Password: jnoun-admin-2022
Step 4: Locate Encrypted Flag Data
By tracing string references in the IROM literal pools, I found the flag decryption infrastructure:
- 8 small encrypted blocks (4 bytes each) at DROM addresses
0x3f412e38-0x3f412e54 - 8 large encrypted blocks (alternating 16 and 32 bytes) at
0x3f412d78-0x3f412e28 - An XOR decryption function at
0x400de16c
Step 5: Reverse the XOR Key Derivation
The function at 0x400de16c XOR-decrypts the 8 small blocks with hardcoded per-block keys:
; Block 0: data from 0x3f412e54, XOR key 0x38
l32r a9, [0x3f412e54]
l8ui a9, a9, 0
movi.n a10, 0x38
xor a9, a9, a10
s8i a9, a2, 0 ; write to output buffer
; Block 1: data from 0x3f412e50, XOR key 0xe7
; ... (same pattern for all 8 blocks)
| Block | Source Address | XOR Key |
|---|---|---|
| 0 | 0x3f412e54 | 0x38 |
| 1 | 0x3f412e50 | 0xe7 |
| 2 | 0x3f412e4c | 0x91 |
| 3 | 0x3f412e48 | 0xf7 |
| 4 | 0x3f412e44 | 0x10 |
| 5 | 0x3f412e40 | 0x6b |
| 6 | 0x3f412e3c | 0x74 |
| 7 | 0x3f412e38 | 0x96 |
XOR-decrypting these 8 blocks produces a 32-byte AES-256 key.
Step 6: AES-256-CBC Decryption
The large encrypted blocks are structured as alternating (16-byte IV, 32-byte ciphertext) pairs.

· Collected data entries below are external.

(* For every integer $k\ge1$, $$\frac{B_k}{k!}=n_{(1,\dots,1)},$$ where $(1,\dots,1)$ is the tuple consisting of $k$ entries equal to $1$.
   Context: $B_k$ are the Bernoulli numbers, defined by $\frac{t}{e^t-1}=\sum_{k\ge0}B_k\frac{t^k}{k!}$ (so $B_1=-\tfrac12$). For a tuple $J=(j_1,\dots,j_s)$ of integers $j_i\ge1$, $m_J:=\prod_{i=1}^{s}\frac{1}{j_i+j_{i+1}+\cdots+j_s+1}\cdot\frac{1}{(j_i-1)!}$, and $n_J:=\sum_{J=J_1\|\cdots\|J_l}(-1)^l m_{J_1}\cdots m_{J_l}$, where the sum runs over all ways of writing $J$ as a concatenation $J_1\|\cdots\|J_l$ of $l\ge1$ nonempty tuples. *)

From mathcomp Require Import all_boot all_order all_algebra.
Set Implicit Arguments. Unset Strict Implicit. Unset Printing Implicit Defensive.
Import Order.TTheory GRing.Theory Num.Theory.
Local Open Scope ring_scope.

(* Bernoulli numbers (convention B_1 = -1/2), defined by the generating
   function t/(e^t-1) = sum_k B_k t^k/k!, read as an identity of formal power
   series: (sum_{n>=0} t^n/(n+1)!) * (sum_k B_k t^k/k!) = 1, i.e. for all m,
     sum_{j=0}^m B_j/j! * 1/(m-j+1)! = [m == 0].
   Solving this triangular system gives B_0 = 1 and, for m >= 1,
     B_m = - m! * sum_{j<m} B_j / (j! (m-j+1)!).
   bern_list n is the list [B_0; ...; B_n]. *)
Fixpoint bern_list (n : nat) : seq rat :=
  match n with
  | 0 => [:: 1]
  | n'.+1 =>
      let L := bern_list n' in
      rcons L (- (n'.+1)`!%:R *
                 \sum_(j < n'.+1) (nth 0 L j / ((j`!)%:R * ((n'.+2 - j)`!)%:R)))
  end.

Definition bernoulli (k : nat) : rat := nth 0 (bern_list k) k.

Definition bernoulli_gf_identity (B : nat -> rat) : Prop :=
  forall m : nat,
    \sum_(j < m.+1) (B j / (j`!)%:R) / ((m - j).+1`!)%:R = (m == 0%N)%:R.

Definition mJ (J : seq nat) : rat :=
  \prod_(i < size J)
     (1 / ((sumn (drop i J)).+1)%:R * (1 / ((nth 0 J i).-1`!)%:R)).

(* All ways of writing J as a concatenation J_1 || ... || J_l of nonempty
   tuples (for J = [::] this is the single empty decomposition). *)
Fixpoint decomps (T : Type) (J : seq T) : seq (seq (seq T)) :=
  match J with
  | [::] => [:: [::]]
  | x :: J' =>
      flatten [seq (match D with
                    | [::] => [:: [:: [:: x]]]
                    | P :: D' => [:: [:: x] :: P :: D'; (x :: P) :: D']
                    end) | D <- decomps J']
  end.

Definition nJ (J : seq nat) : rat :=
  \sum_(D <- decomps J) ((-1) ^+ size D * \prod_(P <- D) mJ P).

From mathcomp Require Import all_boot all_order all_algebra.
From mathcomp Require Import ring.
Set Implicit Arguments. Unset Strict Implicit. Unset Printing Implicit Defensive.
Import GRing.Theory Num.Theory.
Local Open Scope ring_scope.

(* Both sides satisfy the same triangular recursion with the same initial value.
   For B_k/k! this is the defining generating-function identity.  For
   n_(1,...,1), split off the first block of each decomposition: if that block
   has length s+1 its weight is m_(1,...,1) = 1/(s+2)!, and the remaining
   blocks decompose the all-ones tuple of length k-s-1, contributing
   -n_(1,...,1) of that length. *)

Lemma size_bern_list n : size (bern_list n) = n.+1.
Proof. by elim: n => [|n IH] //=; rewrite size_rcons IH. Qed.

Lemma nth_bern_list n j : (j <= n)%N -> nth 0 (bern_list n) j = bernoulli j.
Proof.
move=> /subnK <-; rewrite /bernoulli; elim: (n - j)%N => [|d IH] //=.
by rewrite nth_rcons size_bern_list ltnS leq_addl IH.
Qed.

Lemma bernoulli_div_fact_rec m :
  bernoulli m.+1 / (m.+1)`!%:R =
  - \sum_(j < m.+1) bernoulli j / (j`!)%:R / ((m.+1 - j).+1`!)%:R.
Proof.
rewrite {1}/bernoulli /= nth_rcons size_bern_list ltnn eqxx.
rewrite !mulNr mulrAC divff ?mul1r; last by rewrite pnatr_eq0 -lt0n fact_gt0.
congr (- _); apply: eq_bigr => j _.
have j_le_m : (j <= m)%N by rewrite -ltnS.
rewrite nth_bern_list // subSn 1?ltnW //.
by rewrite invfM mulrA.
Qed.

Section DecompositionSums.

Variables (T : Type) (R : comPzRingType) (m : seq T -> R).

(* n_J with the first block J_1 weighted by g instead of m, which makes the
   recursion on the first entry of J close up. *)
Definition decomp_sum (g : seq T -> R) (J : seq T) : R :=
  \sum_(D <- decomps J)
     (-1) ^+ size D * g (head [::] D) * \prod_(P <- behead D) m P.

Lemma decomp_sum_nil g : decomp_sum g [::] = g [::].
Proof. by rewrite /decomp_sum /= big_seq1 big_nil mulr1 mul1r. Qed.

Lemma decomp_sum1 x g : decomp_sum g [:: x] = - g [:: x].
Proof. by rewrite /decomp_sum /= big_seq1 big_nil mulr1 expr1 mulN1r. Qed.

Lemma decomps_cons (x : T) (J : seq T) :
  decomps (x :: J) =
  flatten [seq (match D with
                | [::] => [:: [:: [:: x]]]
                | P :: D' => [:: [:: x] :: P :: D'; (x :: P) :: D']
                end) | D <- decomps J].
Proof. by []. Qed.

Lemma decomps_nonempty (x : T) (J : seq T) :
  all (fun D => ~~ nilp D) (decomps (x :: J)).
Proof. by rewrite decomps_cons; elim: (decomps J) => [|[|P D] L IH] //=. Qed.

(* The first block [:: x] either stands alone or is glued onto the next block. *)
Lemma decomp_sum_cons x y J g :
  decomp_sum g [:: x, y & J] =
  - g [:: x] * decomp_sum m (y :: J) + decomp_sum (fun P => g (x :: P)) (y :: J).
Proof.
rewrite /decomp_sum {1}(decomps_cons x) big_flatten big_map mulr_sumr -big_split.
elim: (decomps (y :: J)) (decomps_nonempty y J) => [|D L IH].
  by rewrite !big_nil.
move=> /andP [DN LN]; rewrite !big_cons IH //; congr (_ + _).
case: D DN => [//|P D] _ /=; rewrite big_cons big_seq1 /= big_cons exprS; ring.
Qed.

Lemma decomp_sum_nseq x k g : m [::] = 1 -> (0 < k)%N ->
  decomp_sum g (nseq k x) =
  - \sum_(s < k) g (nseq s.+1 x) * decomp_sum m (nseq (k - s.+1) x).
Proof.
move=> m_nil; elim: k g => [//|[|k] IH] g _.
  by rewrite decomp_sum1 big_ord1 decomp_sum_nil m_nil mulr1.
rewrite [nseq _ _]/= decomp_sum_cons -[_ :: nseq _ _]/(nseq k.+1 x).
by rewrite (IH (fun P => g (x :: P))) // [in RHS]big_ord_recl opprD mulNr.
Qed.

End DecompositionSums.

Lemma nJ_decomp_sum J : nJ J = decomp_sum mJ mJ J.
Proof.
apply: eq_bigr => [[|P D]] _ /=; last by rewrite big_cons mulrA.
by rewrite big_nil /mJ big_ord0 !mulr1.
Qed.

Lemma mJ_nseq1 s : mJ (nseq s 1%N) = ((s.+1)`!%:R)^-1.
Proof.
rewrite /mJ size_nseq.
under eq_bigr => i _ do
  rewrite drop_nseq nth_nseq ltn_ord sumn_nseq mul1n /= mulr1 div1r.
elim: s => [|s IH]; first by rewrite big_ord0 invr1.
by rewrite big_ord_recl subn0 factS natrM invfM -IH.
Qed.

Lemma nJ_nseq1_rec m :
  nJ (nseq m.+1 1%N) =
  - \sum_(j < m.+1) nJ (nseq j 1%N) / ((m.+1 - j).+1`!)%:R.
Proof.
rewrite nJ_decomp_sum decomp_sum_nseq ?(mJ_nseq1 0) ?invr1 //.
rewrite (reindex_inj rev_ord_inj) /=.
congr (- _); apply: eq_bigr => j _.
have j_le_m : (j <= m)%N by rewrite -ltnS.
have -> : (m.+1 - j = (m - j).+1)%N by rewrite subSn.
rewrite -[1%N :: _]/(nseq (m - j).+1 1%N) mJ_nseq1 subSS subSS subKn //.
by rewrite nJ_decomp_sum mulrC.
Qed.

Lemma bernoulli_div_fact_nJ k : bernoulli k / (k`!)%:R = nJ (nseq k 1%N).
Proof.
elim/ltn_ind: k => [[|k]] IH.
  by rewrite nJ_decomp_sum decomp_sum_nil (mJ_nseq1 0) /bernoulli /= divr1 invr1.
rewrite bernoulli_div_fact_rec nJ_nseq1_rec; congr (- _).
by apply: eq_bigr => j _; rewrite IH.
Qed.

(* The identity also holds for k = 0. *)
Theorem mainTheorem8 (k : nat) (hk : (1 <= k)%N) :
  bernoulli k / (k`!)%:R = nJ (nseq k 1%N).
Proof. exact: bernoulli_div_fact_nJ. Qed.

Using the derived AES key with CBC mode:
from Crypto.Cipher import AES
# Derived 32-byte key from XOR step
key = bytes([...]) # 32 bytes
# For each flag: (IV_address, CT_address)
flag_pairs = [
(0x3f412e28, 0x3f412e08), # Flag 0
(0x3f412df8, 0x3f412dd8), # Flag 1
(0x3f412dc8, 0x3f412da8), # Flag 2
(0x3f412d98, 0x3f412d78), # Flag 3
]
for iv_addr, ct_addr in flag_pairs:
iv = read_drom(iv_addr, 16)
ct = read_drom(ct_addr, 32)
cipher = AES.new(key, AES.MODE_CBC, iv=iv)
flag = cipher.decrypt(ct) # Remove PKCS7 padding
print(flag)
Decrypted Flags
FLAG 0: ESPILON{Jn0un3d_4dM1N}
FLAG 1: ESPILON{802_11_tx_jnned}
FLAG 2: ESPILON{Adm1n_4r3_jn0uned}
FLAG 3: ESPILON{Jn0un3d_UDP_Pr0t0c0l}
Flag
ESPILON{Jn0un3d_4dM1N}
Tools Used
- Python 3 with Capstone (Xtensa disassembly)
- PyCryptodome (AES decryption)
strings,xxd,file(initial recon)
Key Takeaways
- ESP32 uses Xtensa LX6 with a windowed register ABI —
call8shifts registers by 8, so function arguments map differently than in conventional calling conventions. l32ris the primary way Xtensa loads constants — it reads from a literal pool at a negative PC-relative offset. Following these pointers is essential for resolving string and data references.- The firmware used a two-layer encryption scheme: XOR to derive an AES key, then AES-256-CBC with per-flag IVs to protect the actual flag strings.